Forth they sailed, but with far different hopes than when they left the same harbour the first time with all the winds confined, only the west-wind suffered to play upon their sails to waft them in gentle murmurs to Ithaca. They were now the sport of every gale that blew, and despaired of ever seeing home more. Now those covetous mariners were cured of their surfeit for gold, and would not have touched it if it had lain in untold heaps before them.
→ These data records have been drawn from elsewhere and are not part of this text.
(* The entries of [(s NE + NA)^n = 0] are polynomials of degree at most [n]
   in [s] vanishing at [0, ..., n]; their coefficients are the monomials. *)
Lemma monomial_size_eq0 i : (i <= n)%N -> NE ^+ i * NA ^+ (n - i) = 0.
Proof.
move=> le_in.
have sum_eq0 (s : C) :
    \sum_(j < n.+1) s ^+ j *: (NE ^+ j * NA ^+ (n - j) *+ 'C(n, j)) = 0.
  have [k Ek] := scaleD_nilpotent s.
  rewrite -[RHS](mx_nilpotent_size Ek) addrC exprDn_comm; last exact/commr_sym.
  apply: eq_bigr => j _.
  by rewrite exprZmx -mulmxE -scalemxAr mulmxE scalerMnr commXEA.
apply/matrixP => a b; rewrite [RHS]mxE.
pose p := \poly_(j < n.+1) ((NE ^+ j * NA ^+ (n - j)) a b *+ 'C(n, j)).
suff p0 : p = 0.
  have /eqP := congr1 (fun q : {poly C} => q`_i) p0.
  by rewrite coef_poly ltnS le_in coef0 mulrn_eq0 eqn0Ngt bin_gt0 le_in => /eqP.
apply: (@roots_geq_poly_eq0 _ p [seq (m%:R : C) | m <- iota 0 n.+1]).
- apply/allP => x /mapP [m _ ->]; apply/rootP.
  have /matrixP/(_ a b) := sum_eq0 m%:R; rewrite summxE mxE => <-.
  rewrite horner_poly; apply: eq_bigr => j _.
  by rewrite [in RHS]mxE mulrC; congr (_ * _); rewrite -mulmxnE.
- by rewrite map_inj_uniq ?iota_uniq // => x y /eqP; rewrite eqr_nat => /eqP.
- by rewrite size_map size_iota size_poly.
Qed.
Six days and nights they drove along, and on the seventh day they put in to Lamos, a port of the Læstrygonians. So spacious this harbour was, that it held with ease all their fleet, which rode at anchor, safe from any storms, all but the ship in which Ulysses was embarked. He, as if prophetic of the mischance which followed, kept still without the harbour, making fast his bark to a rock at the land's point, which he climbed with purpose to survey the country. He saw a city with smoke ascending from the roofs, but neither ploughs going, nor oxen yoked, nor any sign of agricultural works. Making choice of two men, he sent them to the city to explore what sort of inhabitants dwelt there. His messengers had not gone far before they met a damsel, of stature surpassing human, who was coming to draw water from a spring. They asked her who dwelt in that land. She made no reply, but led them in silence to her father's palace. He was a monarch and named Antiphas. He and all his people were giants. When they entered the palace, a woman, the mother of the damsel, but far taller than she, rushed abroad and called for Antiphas. He came, and snatching up one of the two men, made as if he would devour him. The other fled. Antiphas raised a mighty shout, and instantly, this way and that, multitudes of gigantic people issued out at the gates, and making for the harbour, tore up huge pieces of the rocks, and flung them at the ships which lay there, all which they utterly overwhelmed and sank; and the unfortunate bodies of men which floated, and which the sea did not devour, these cannibals thrust through with harpoons, like fishes, and bore them off to their dire feast. Ulysses with his single bark that had never entered the harbour escaped; that bark which was now the only vessel left of all the gallant navy that had set sail with him from Troy. He pushed off from the shore, cheering the sad remnant of his men, whom horror at the sight of their countrymen's fate had almost turned to marble.